The U.S. is moving additional military assets into the Middle East amid speculation Trump could green light an attack on Iran at any moment. The sense that an overt war is imminent has abated and the protests, riots, and bloodshed in the streets of Iran that took place earlier this month have, for now, ended, yet the incendiary situation remains liable to develop into wider conflict. President Donald Trump on Tuesday said that if Iran sought to assassinate him, “the whole country's going to get blown up.” Iranian President Masoud Pezeshkian has said that any attempt to assassinate Supreme Leader Ayatollah Ali Khamenei “is tantamount to a full-scale war with the Iranian nation.”
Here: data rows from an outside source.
(* Consider a market with $n$ buyers, $m$ items and $T$ time periods, where item $j$ has per-period supply $s_j^t\ge0$ and overall supply $s_j\ge0$. Every buyer has budget $B_i=1$ and binary valuations $v_{ij}\in\{0,1\}$, and buyer $i$ has per-period demands $d_i^t\ge0$. A feasible allocation is $x=(x_{ij}^t)\ge0$ with $\sum_i x_{ij}^t\le s_j^t$ for all $j,t$ and $\sum_{t,i}x_{ij}^t\le s_j$ for all $j$; let $u_i^t(x_i^t)=\sum_j v_{ij}x_{ij}^t-d_i^t$. Assume there is a feasible allocation with $u_i^t(x_i^t)>0$ for all $i,t$. Then the set of leximin-optimal feasible allocations coincides with the set of maximum Nash welfare allocations, i.e. the optimal solutions of $$\max_{x\ge0}\sum_i\frac1T\sum_t\log\Big(\sum_j v_{ij}x_{ij}^t-d_i^t\Big)\ \text{ over feasible allocations}.$$
   Context: Leximin order: for vectors $v,\tilde v$ of equal length with nondecreasing rearrangements $v^*,\tilde v^*$, $v$ is leximin-greater than $\tilde v$ if there is $k$ with $v^*_l=\tilde v^*_l$ for $l<k$ and $v^*_k>\tilde v^*_k$. Here a feasible allocation $x$ is leximin-optimal if no feasible $\tilde x$ has the vector $(u_i^t(\tilde x_i^t))_{i,t}$ (indexed by all buyer–period pairs) leximin-greater than $(u_i^t(x_i^t))_{i,t}$. *)

From HB Require Import structures.
From mathcomp Require Import all_boot all_order all_algebra.
From mathcomp Require Import reals exp.
Set Implicit Arguments. Unset Strict Implicit. Unset Printing Implicit Defensive.
Import Order.TTheory GRing.Theory Num.Theory.
Local Open Scope ring_scope.

Section Market.
Variables (R : realType) (n m T : nat).

Definition alloc := 'I_n -> 'I_m -> 'I_T -> R.

Definition feasible (sp : 'I_m -> 'I_T -> R) (s : 'I_m -> R) (x : alloc) : Prop :=
  [/\ forall i j t, 0 <= x i j t,
      forall j t, \sum_(i < n) x i j t <= sp j t
    & forall j, \sum_(t < T) \sum_(i < n) x i j t <= s j].

Definition util (v : 'I_n -> 'I_m -> R) (d : 'I_n -> 'I_T -> R) (x : alloc)
  (i : 'I_n) (t : 'I_T) : R := \sum_(j < m) v i j * x i j t - d i t.

Definition utilvec v d (x : alloc) : seq R :=
  [seq util v d x p.1 p.2 | p : 'I_n * 'I_T].

Definition leximin_gt (a b : seq R) : Prop :=
  let a' := sort <=%R a in let b' := sort <=%R b in
  exists k : nat, (k < size a')%N /\
    (forall l, (l < k)%N -> nth 0 a' l = nth 0 b' l) /\ nth 0 b' k < nth 0 a' k.

Definition leximin_optimal v d sp s (x : alloc) : Prop :=
  feasible sp s x /\
  ~ (exists y : alloc, feasible sp s y /\ leximin_gt (utilvec v d y) (utilvec v d x)).

(* Nash welfare objective  sum_i (1/T) sum_t log u_i^t ; log is only defined on
   positive utilities, log(u) = -oo for u <= 0 *)
Definition all_pos v d (x : alloc) : Prop := forall i t, 0 < util v d x i t.

Definition nash_welfare v d (x : alloc) : R :=
  \sum_(i < n) (T%:R)^-1 * \sum_(t < T) ln (util v d x i t).

Definition max_nash_welfare v d sp s (x : alloc) : Prop :=
  [/\ feasible sp s x, all_pos v d x &
      forall y : alloc, feasible sp s y -> all_pos v d y ->
        nash_welfare v d y <= nash_welfare v d x].

End Market.

From HB Require Import structures.
From mathcomp Require Import all_boot all_order all_algebra.
From mathcomp Require Import boolp reals exp.
From mathcomp Require Import ring lra.
Import Order.TTheory GRing.Theory Num.Theory.
Local Open Scope ring_scope.
Set Implicit Arguments. Unset Strict Implicit. Unset Printing Implicit Defensive.

(* Both optimality notions are equivalent to one combinatorial property of a
   feasible allocation x: for every lower set A of its utility profile (every
   utility in A is below every utility outside A), x maximises the total
   utility of A over all feasible allocations.

   Leximin and Nash optimal allocations admit neither of two elementary
   improvements: raising a single utility, and moving utility from a richer to
   a poorer buyer-period (by convexity, small such moves are always available).
   Conversely, with binary valuations an allocation admitting neither has the
   lower-set property, by a cut argument: call item j in period t demanded when
   relaxing its supply would let a member of A gain while nobody else changes.
   Every item valued by a member of A is demanded, x gives demanded items only
   to members of A valuing them, and x exhausts their supply; so the value of
   A under any feasible allocation is at most the supply of demanded items,
   which x attains.

   The lower-set property gives leximin optimality by comparing the utilities
   truncated at the level where a competitor first exceeds x, and Nash
   optimality by concavity of ln and Abel summation over the lower sets. *)

(** * Sorted sequences and the leximin order *)

Section SortedCount.
Context {disp : Order.disp_t} {T : orderType disp} (x0 : T).
Implicit Types (s t : seq T) (P : pred T).

Definition down_closed P := forall x y, (x <= y)%O -> P y -> P x.

Lemma sorted_nth_count P s l : sorted <=%O s -> down_closed P -> (l < size s)%N ->
  P (nth x0 s l) = (l < count P s)%N.
Proof.
move=> + dP; elim: s l => [|x s IH] l //= xs ls.
case Px: (P x).
  by case: l ls => [|l] /= ls; rewrite ?Px // add1n ltnS IH ?(path_sorted xs).
have notP y : y \in x :: s -> ~~ P y.
  rewrite inE => /predU1P[-> | ys]; first by rewrite Px.
  by apply/negP => /(dP x y (allP (le_path_min xs) y ys)); rewrite Px.
have /hasPn := notP; rewrite has_count -leqNgt leqn0 /= Px => /eqP ->.
by rewrite (negbTE (notP _ (mem_nth x0 (ls : (l < size (x :: s))%N)))).
Qed.

Lemma sorted_nth_eq s t l : sorted <=%O s -> sorted <=%O t ->
  (l < size s)%N -> (l < size t)%N ->
  (forall r, (l < count (fun y => y < r)%O s) = (l < count (fun y => y < r)%O t))%N ->
  nth x0 s l = nth x0 t l.
Proof.
move=> ss st ls lt eqc.
have dlt r : down_closed (fun y => y < r)%O by move=> y z yz zr; exact: le_lt_trans yz zr.
apply/eqP; rewrite eq_le !leNgt; apply/andP; split; apply/negP => lt_nth.
- by have := eqc (nth x0 s l); rewrite -!sorted_nth_count // ltxx lt_nth.
- by have := eqc (nth x0 t l); rewrite -!sorted_nth_count // ltxx lt_nth.
Qed.

End SortedCount.

Lemma sub_count_lt (X : eqType) (P Q : pred X) s z : subpred P Q ->
  z \in s -> Q z -> ~~ P z -> (count P s < count Q s)%N.
Proof.
move=> PQ zs Qz nPz; rewrite -[count Q s]size_filter -(count_predC P) count_filter.
rewrite (eq_count (a2 := P)) => [|y]; last by rewrite /= andb_idr //; exact: PQ.
rewrite -{1}[count P s]addn0 ltn_add2l -has_count; apply/hasP.
by exists z; rewrite ?mem_filter ?Qz.
Qed.

Section Leximin.
Variable R : realType.
Implicit Types (a b : seq R).

(* Since [(nth 0 (sort a) l < r) = (l < count (< r) a)], the second hypothesis says
   that the sorted sequences agree below position [k]. *)
Lemma leximin_gt_by_count a b k (c : R) : size a = size b ->
  (forall (r : R) l, (l < k)%N ->
     (l < count (fun y => (y < r)%R) a)%N = (l < count (fun y => (y < r)%R) b)%N) ->
  (count (fun y => (y <= c)%R) a <= k)%N -> (k < count (fun y => (y <= c)%R) b)%N ->
  leximin_gt a b.
Proof.
move=> sab pre ca cb; rewrite /leximin_gt.
have ka : (k < size a)%N by rewrite sab; exact: leq_trans cb (count_size _ _).
have dle : down_closed (fun y : R => y <= c) by move=> y z /le_trans; apply.
exists k; split; first by rewrite size_sort.
split=> [l lk|].
  have la : (l < size a)%N := ltn_trans lk ka.
  apply: sorted_nth_eq; rewrite ?size_sort -?sab // => r.
  by rewrite !count_sort; exact: pre.
have ka' : (k < size (sort <=%R a))%N by rewrite size_sort.
have kb' : (k < size (sort <=%R b))%N by rewrite size_sort -sab.
have := sorted_nth_count 0 (sort_le_sorted b) dle kb'.
have := sorted_nth_count 0 (sort_le_sorted a) dle ka'.
rewrite !count_sort ltnNge ca cb /= => /negbT; rewrite -ltNge.
by move=> ca_lt /le_lt_trans; apply.
Qed.

Lemma leximin_gt_threshold a b : size a = size b -> leximin_gt a b ->
  exists c, \sum_(y <- a) Num.min y c = \sum_(y <- b) Num.min y c /\
            (count (fun y => (y <= c)%R) a < count (fun y => (y <= c)%R) b)%N.
Proof.
rewrite /leximin_gt; set a' := sort _ a; set b' := sort _ b => sab [k [ka [pre lt_k]]].
have sa : sorted <=%O a' := sort_le_sorted a.
have sb : sorted <=%O b' := sort_le_sorted b.
have sab' : size a' = size b' by rewrite !size_sort.
have kb : (k < size b')%N by rewrite -sab'.
exists (nth 0 b' k); split.
  have [pa pb] : perm_eq a' a /\ perm_eq b' b by rewrite !perm_sort.
  rewrite -(perm_big _ pa) -(perm_big _ pb).
  rewrite (big_nth 0) [RHS](big_nth 0) !big_mkord sab'; apply: eq_bigr => -[l lb] _ /=.
  have la : (l < size a')%N by rewrite sab'.
  case: (ltnP l k) => [lk | kl]; first by rewrite pre.
  rewrite !min_r //; first exact: (le_sorted_leq_nth 0 sb kb lb kl).
  exact/ltW/(lt_le_trans lt_k)/(le_sorted_leq_nth 0 sa ka la kl).
have dle : down_closed (fun y : R => y <= nth 0 b' k) by move=> y z /le_trans; apply.
rewrite -(count_sort <=%R _ a) -(count_sort <=%R _ b) -/a' -/b'.
have := sorted_nth_count 0 sb dle kb; have := sorted_nth_count 0 sa dle ka.
rewrite lexx leNgt lt_k => /esym/negbT; rewrite -leqNgt => ca /esym cb.
exact: leq_ltn_trans ca cb.
Qed.

Lemma leximin_gt_raise (I : finType) (f g : I -> R) c z :
  (forall p, f p = g p \/ c <= f p /\ c < g p) -> f z = c -> c < g z ->
  leximin_gt [seq g p | p : I] [seq f p | p : I].
Proof.
move=> fg fz gz; rewrite /image_mem; set e := enum_mem _.
have gf_le p : g p <= c -> f p <= c.
  by case: (fg p) => [-> // | [_ /lt_geF ->]].
have ze : z \in e by rewrite mem_enum.
apply: (leximin_gt_by_count (k := count (fun y => y <= c) (map g e)) (c := c)).
- by rewrite !size_map.
- move=> r l lk; case: (leP r c) => [rc | cr].
    congr (_ < _)%N; rewrite !count_map; apply: eq_count => p /=.
    case: (fg p) => [-> // | [fp gp]].
    by rewrite !le_gtF // (le_trans rc) // ltW.
  have le_cr (h : I -> R) :
      (count (fun y => (y <= c)%R) (map h e) <= count (fun y => (y < r)%R) (map h e))%N.
    by apply: sub_count => y /le_lt_trans; apply.
  have le_gf :
      (count (fun y => (y <= c)%R) (map g e) <= count (fun y => (y <= c)%R) (map f e))%N.
    by rewrite !count_map; apply: sub_count => p /=; exact: gf_le.
  by rewrite (leq_trans lk (le_cr g)) (leq_trans lk (leq_trans le_gf (le_cr f))).
- by [].
- rewrite (@count_map _ _ g) (@count_map _ _ f).
  apply: (@sub_count_lt _ (preim g (fun y => y <= c)) (preim f (fun y => y <= c)) _ z gf_le ze).
    by rewrite /= fz.
  by rewrite /= -ltNge.
Qed.

End Leximin.

(** * Abel summation over lower sets *)

Section LowerSets.
Variables (R : realDomainType) (I : finType).
Implicit Types (u h D : I -> R) (A S : {set I}).

Definition lower_set u A := forall a b, a \in A -> b \notin A -> u a < u b.

Lemma lower_setT u : lower_set u [set: I].
Proof. by move=> a b _; rewrite in_setT. Qed.

Lemma weighted_sum_lower_set_le0 u h D S :
  (forall A, lower_set u A -> \sum_(p in A) D p <= 0) ->
  (forall p q, u p <= u q -> h q <= h p) ->
  lower_set u S -> {in S, forall p, 0 <= h p} ->
  \sum_(p in S) h p * D p <= 0.
Proof.
move=> HD; have [N leSN] : exists N, (#|S| <= N)%N by exists #|S|.
elim: N S h leSN => [|N IH] S h leSN h_anti lowS h_ge0.
  by move: leSN; rewrite leqn0 cards_eq0 => /eqP ->; rewrite big_set0.
case: (set_0Vmem S) => [->|[q0 q0S]]; first by rewrite big_set0.
case: (@arg_maxP _ _ I q0 (mem S) u q0S) => q qS q_max.
(* Write h = h q + (h - h q) on S: the constant part is handled by S itself, and
   h - h q vanishes on the top level of S, leaving the smaller lower set S'. *)
set S' := [set p in S | u p < u q].
have lowS' : lower_set u S'.
  move=> a b; rewrite !inE => /andP[aS aq]; rewrite negb_and => /orP[bS|].
    exact: lowS.
  by rewrite -leNgt; exact: lt_le_trans.
have ltS' : (#|S'| < #|S|)%N.
  apply: proper_card; apply/properP; split.
    by apply/subsetP => p; rewrite inE => /andP[].
  by exists q => //; rewrite inE ltxx andbF.
have top_le0 : h q * \sum_(p in S) D p <= 0 by rewrite mulr_ge0_le0 ?h_ge0 ?HD.
have rest_eq : \sum_(p in S) (h p - h q) * D p = \sum_(p in S') (h p - h q) * D p.
  rewrite (bigID (fun p => u p < u q)) /= [X in _ + X]big1 ?addr0.
    by apply: eq_bigl => p; rewrite inE.
  move=> p /andP[pS]; rewrite -leNgt => qp.
  suff -> : h p = h q by rewrite subrr mul0r.
  by apply/eqP; rewrite eq_le (h_anti _ _ qp) h_anti //; exact: q_max.
have rest_le0 : \sum_(p in S') (h p - h q) * D p <= 0.
  apply: IH; first by rewrite -ltnS (leq_trans ltS' leSN).
  - by move=> p p' /h_anti; rewrite lerD2r.
  - exact: lowS'.
  - by move=> p; rewrite inE subr_ge0 => /andP[_ /ltW /h_anti].
rewrite (eq_bigr (fun p => h q * D p + (h p - h q) * D p)) => [|p _]; last first.
  by rewrite mulrBl addrC subrK.
by rewrite big_split /= -mulr_sumr rest_eq; lra.
Qed.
Drop Site News’s Jeremy Scahill spoke to Dr. Foad Izadi, professor of American studies and international relations at University of Tehran, on Wednesday. They discussed the origins of the protests, the narrative war, how Iran might respond to another military attack by the U.S. and more.
“The U.S. wants to repeat the Libya experience, disintegrate Iran, take out the oil-rich southern part, and then the rest of the country would fall apart. This is the ultimate plan they have,” said Izadi. “I don't think they have given up. I think Trump has basically given the Iran portfolio to Netanyahu. He decides what to do. And then basically Trump implements whatever Netanyahu has decided to do. And Trump is going to be in office for another three years. So I don't think they are done with Iran.”
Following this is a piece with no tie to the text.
(* Let $A\in\mathrm{SL}(2,\mathbb R)$ and $\tau>0$ with $A\Lambda_q\cap S_\tau\ne\emptyset$, and let $(\mathbf u_n=(q_n,a_n)^T)_{n\ge0}$ be elements of $A\Lambda_q\cap S_\tau$ with successive slopes, i.e. for each $n$, $\mathbf u_{n+1}$ is the element of $A\Lambda_q\cap S_\tau$ of smallest slope strictly greater than $a_n/q_n$. Then $s_{1/\tau}h_{a_0/q_0}A\Lambda_q$ contains the horizontal vector $(q_0/\tau,0)^T\in S_1$, and hence equals $g_{a,b}\Lambda_q$ for a unique $(a,b)\in\mathscr T^q$. Moreover: (1) for each $n\ge0$, $s_{1/\tau}h_{a_n/q_n}A\Lambda_q$ contains the horizontal vector $(q_n/\tau,0)^T\in S_1$ and $s_{1/\tau}h_{a_n/q_n}A\Lambda_q=g_{\mathrm{BCZ}_q^n(a,b)}\Lambda_q$; i.e. $\mathrm{FTR}_q(A,\tau,\mathbf u_n)=\mathrm{BCZ}_q^n(\mathrm{FTR}_q(A,\tau,\mathbf u_0))$; (2) writing $L_n^q(a,b)$ for the first coordinate of $\mathrm{BCZ}_q^n(a,b)$, we have $q_n=\tau L_n^q(a,b)=\tau L_0^q(\mathrm{BCZ}_q^n(a,b))$, and for all $n\ge0$ $$a_{n+1}=q_{n+1}\left(\frac{a_n}{q_n}+\frac1{\tau^2}R_q(\mathrm{BCZ}_q^n(a,b))\right).$$
   Context: Fix an integer $q\ge3$, let $\lambda_q=2\cos(\pi/q)$, and let $G_q\subset \mathrm{SL}(2,\mathbb R)$ be the Hecke triangle group generated by $S=\begin{pmatrix}0&-1\\1&0\end{pmatrix}$ and $T_q=\begin{pmatrix}1&\lambda_q\\0&1\end{pmatrix}$, acting linearly on $\mathbb R^2$; $\Lambda_q=G_q(1,0)^T$, $A\Lambda_q=\{A\mathbf v:\mathbf v\in\Lambda_q\}$. Matrices: $h_s=\begin{pmatrix}1&0\\-s&1\end{pmatrix}$, $s_\tau=\begin{pmatrix}\tau&0\\0&\tau^{-1}\end{pmatrix}$, $g_{a,b}=\begin{pmatrix}a&b\\0&a^{-1}\end{pmatrix}$, with $g_{(a,b)}:=g_{a,b}$. $S_\tau=\{(x,y)^T:0<x\le\tau\}$; slope of $(x,y)^T$ with $x\ne0$ is $y/x$. $\mathscr T^q=\{(a,b):0<a\le1,\ 1-\lambda_qa<b\le1\}$. Facts (established earlier): for every $(a,b)\in\mathscr T^q$, $g_{a,b}\Lambda_q\cap S_1$ contains a vector of smallest positive slope, denoted $R_q(a,b)$ (the $G_q$-roof function); and whenever $B\Lambda_q$ ($B\in\mathrm{SL}(2,\mathbb R)$) contains a horizontal vector $(c,0)^T$ with $0<c\le1$ there is a unique $(a',b')\in\mathscr T^q$ with $B\Lambda_q=g_{a',b'}\Lambda_q$, and $a'=c$. The $G_q$-BCZ map $\mathrm{BCZ}_q:\mathscr T^q\to\mathscr T^q$ sends $(a,b)$ to the unique $(c,d)\in\mathscr T^q$ with $h_{R_q(a,b)}g_{a,b}\Lambda_q=g_{c,d}\Lambda_q$. For $\mathbf u\in A\Lambda_q\cap S_\tau$, the Farey triangle representative $\mathrm{FTR}_q(A,\tau,\mathbf u)$ is the unique $(a,b)\in\mathscr T^q$ with $s_{1/\tau}h_{\mathrm{slope}(\mathbf u)}A\Lambda_q=g_{a,b}\Lambda_q$. *)

From Stdlib Require Import Reals Lra Lia ClassicalEpsilon.
Open Scope R_scope.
Behind the war of words between the U.S. and Iran are two competing narratives about what took place in early January. Western governments and much of the corporate media have characterized Iran as an authoritarian regime, one facing widespread protests, that carried out a series of bloody massacres. Opponents of the Islamic Republic, including Iranians who participated in the protests, have characterized this moment as one where a dying repressive regime, desperate to keep its grip on power, has violently crushed protests by those who dare to oppose it.
Iran has pushed back forcefully on both these allegations and this description, saying that the domestic unrest is nothing short of a U.S.-Israeli sponsored violent infiltration in the country that sought to hijack legitimate protests to pave the way for regime change. Iranian officials have charged that what began as peaceful marches—meeting no violent crackdown from the state—turned deadly when agitators, encouraged and supported by the U.S. and Israel, began attacking government buildings, religious sites, and other infrastructure, while assassinating and executing police and other security personnel, along with ordinary citizens. Iran said the events of the past weeks are a continuation of the 12-day war waged against Iran in June that saw the U.S. and Israel bomb the country for 12 days.
For the past 12 days, the government has almost entirely shut down the internet in Iran. The limited internet has made it very difficult to independently verify events on the ground.